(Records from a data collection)
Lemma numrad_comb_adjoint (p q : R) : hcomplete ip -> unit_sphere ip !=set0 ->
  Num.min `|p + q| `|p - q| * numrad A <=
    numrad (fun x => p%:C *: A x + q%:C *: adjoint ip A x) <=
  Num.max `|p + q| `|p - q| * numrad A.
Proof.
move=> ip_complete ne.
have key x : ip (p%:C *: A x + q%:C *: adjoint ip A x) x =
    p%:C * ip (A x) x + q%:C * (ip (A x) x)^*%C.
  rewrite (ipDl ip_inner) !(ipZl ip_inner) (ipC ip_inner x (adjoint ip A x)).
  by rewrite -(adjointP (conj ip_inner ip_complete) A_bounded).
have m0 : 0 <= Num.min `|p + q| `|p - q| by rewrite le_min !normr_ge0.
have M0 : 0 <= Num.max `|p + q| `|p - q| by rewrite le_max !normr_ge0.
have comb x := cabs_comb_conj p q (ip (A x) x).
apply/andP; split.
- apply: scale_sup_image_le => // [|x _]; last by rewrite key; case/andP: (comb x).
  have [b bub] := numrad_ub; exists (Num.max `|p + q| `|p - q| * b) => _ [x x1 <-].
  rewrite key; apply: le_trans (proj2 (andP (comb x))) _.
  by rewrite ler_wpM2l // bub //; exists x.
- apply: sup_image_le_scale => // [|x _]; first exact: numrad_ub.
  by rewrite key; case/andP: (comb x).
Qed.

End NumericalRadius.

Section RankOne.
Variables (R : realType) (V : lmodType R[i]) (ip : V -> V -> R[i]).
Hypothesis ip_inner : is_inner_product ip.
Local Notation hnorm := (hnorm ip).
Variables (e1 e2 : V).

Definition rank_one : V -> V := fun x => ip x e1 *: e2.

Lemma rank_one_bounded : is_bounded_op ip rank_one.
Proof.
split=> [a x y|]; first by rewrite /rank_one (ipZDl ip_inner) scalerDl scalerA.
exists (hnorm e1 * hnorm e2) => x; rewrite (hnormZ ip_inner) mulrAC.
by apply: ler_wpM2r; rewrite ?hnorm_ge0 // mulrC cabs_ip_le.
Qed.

--- WORK ORDER ---
Set down, from the entries above, exactly the lines from the one with "move=> ip_complete ne." up to and including the one with "have [b bub]", and no other lines.

--- YOUR SOLUTION ---
move=> ip_complete ne.
have key x : ip (p%:C *: A x + q%:C *: adjoint ip A x) x =
    p%:C * ip (A x) x + q%:C * (ip (A x) x)^*%C.
  rewrite (ipDl ip_inner) !(ipZl ip_inner) (ipC ip_inner x (adjoint ip A x)).
  by rewrite -(adjointP (conj ip_inner ip_complete) A_bounded).
have m0 : 0 <= Num.min `|p + q| `|p - q| by rewrite le_min !normr_ge0.
have M0 : 0 <= Num.max `|p + q| `|p - q| by rewrite le_max !normr_ge0.
have comb x := cabs_comb_conj p q (ip (A x) x).
apply/andP; split.
- apply: scale_sup_image_le => // [|x _]; last by rewrite key; case/andP: (comb x).
  have [b bub] := numrad_ub; exists (Num.max `|p + q| `|p - q| * b) => _ [x x1 <-].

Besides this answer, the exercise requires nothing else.